The data architecture framework set up today will determine a firm’s success tomorrow –and how!
In an age where most businesses are already neck-deep in the digital transformation process enforced by the COVID-19 pandemic, success will be primarily determined by a firm’s ability to adapt – especially in the structure of the organisation’s logical and physical data assets and management resources. This includes the models, rules, policies and standards which will govern the procurement, collection, storage, integration and usage of its data resources – or, its data architecture.
According to The Open Group Architecture Framework (TOGAF), the primary goal of setting up a sustainable data architecture is to “translate business needs into data and system requirements and to manage data and its flow through the enterprise.” This is where an integrated team of data architects, data scientists and analysts come into play – and how far they can flourish will determine how far the firm flourishes.
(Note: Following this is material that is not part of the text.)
(* For the matching model described in the context, provided the normalising sum is finite, the stationary distribution of the token state descriptor is $$\pi((T_1,n_1,\dots,T_i,n_i))=\pi((0))\prod_{j=1}^i\frac{\lambda_{T_j}}{A(j)\sum_{m=1}^j\lambda_{T_m}}\Big(\frac{\sum_{m=1}^j\lambda_{T_m}}{F_j(T_1,\dots,T_j)}\Big)^{n_j+1}\prod_{m=1}^{\sum_{l=1}^i n_l}\frac1{A(i+m)},$$ for all $i$, distinct $T_1,\dots,T_i$ and $n_j\in\mathbb N_0$, with $\pi((0))$ the normalising constant.
   Context: Parallel FCFS matching model: customer types $c_1,\dots,c_K$, type $c_l$ arriving as an independent Poisson process with rate $\lambda_{t_l}>0$; a finite set of server types, each compatible with some customer types. When $n$ customers are waiting, servers of each server type arrive (independently) at rate $A(n)>0$ ($n\ge1$). An arriving server is matched with the longest-waiting compatible customer, and both leave; if none, the server leaves immediately. Token representation: token $t_l$ corresponds to type $c_l$ and is held by the oldest type-$c_l$ customer waiting. State: $(0)$ or $(T_1,n_1,\dots,T_i,n_i)$ with $T_1,\dots,T_i$ the distinct held tokens ordered by arrival of their holders and $n_j$ the number of non-holding customers arriving between holders of $T_j$ and $T_{j+1}$ (after the holder of $T_i$ for $j=i$). $F_j(T_1,\dots,T_j)$ denotes the number of server types compatible with at least one of the customer types corresponding to $T_1,\dots,T_j$, assumed positive for nonempty tuples. *)

From Stdlib Require Import Reals List Arith Bool.
Import ListNotations.
Open Scope R_scope.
The Principles of Architecture
In determining the appropriate data architecture for an enterprise, primary importance needs to be placed on making data available and transparent. Data is meant to be used as a shared asset, and all modern data architectures need to eliminate compartmentalisation of data in different departmental silos, giving stakeholders a more complete and rounded view of the company and its functioning.
The provision of user-friendly interfaces becomes crucial in this regard, thereby allowing employees to not only easily access the data, but also treat it appropriately using the tools fit for the task at hand. The data being used must be suitably curated and optimised for agility and accuracy.
Security, of course, is also a primary concern and needs to be taken good care of. Security and access controls must begin directly from the raw data itself, and a dedicated cybersecurity suite needs to be set up wherever necessary.
Essentially, however, the idea of a firm’s data architecture should consist of three major components: (i) outcomes: the models, definitions, and dataflows often referred to as data architecture artefacts; (ii) activities: the formation, deployment and fulfilment of data architecture intentions and (iii) behaviours: the collaborations, mindsets, and skills of the various roles that affect an enterprise’s data architecture.
Many Frameworks, many attributes
According to the Data Management Book of Knowledge (DMBOK 2), “data architecture defines the blueprint for managing data assets by aligning with organizational strategy to establish strategic data requirements and designs to meet those requirements. On the other hand, DMBOK 2 defines data modelling as, ‘the process of discovering, analyzing, representing, and communicating data requirements in a precise form called the data model.’
While both data architecture and data modelling seek to bridge the gap between business goals and technology, data architecture is about the macro view that seeks to understand and support the relationships between an organization’s functions, technology, and data types. Data modelling takes a more focused view of specific systems or business cases.”
The three major frameworks that commonly serve as foundations for any organisation’s data architecture setups are:
- The DAMA-DMBOK 2, a framework specifically for data management providing standard definitions for data management functions, roles and delivery, along with several other principles;
- The Zachman Framework, or a multi-level enterprise ontology created by IBM-based John Zackman in the 1980s including relevant architectural standards, an enterprise model, a physical data model a logical data model, and the actual databases; and,
- The Open Group Architecture Framework (TOGAF), offering a high-level framework for enterprise software development.
Irrespective of the kind of architecture being used, emerging technologies such as Artificial Intelligence, IoT, automation and blockchains need to be implemented widely. This means the architectures must have Cloud nativity: high availability, elastic scalability and end-to-end security for data both at rest and in motion – such as in real-time data streaming and micro-batch data bursts.
Both data integration and independence are key, especially with legacy applications using standard API interfaces. While these must be optimised across systems and geographies to facilitate data sharing, they must be loosely coupled, thereby allowing services tasks independent of other services as well. Finally, there must be real-time enablement allowing the automation of tasks such as data validation, classification, management, and governance actively.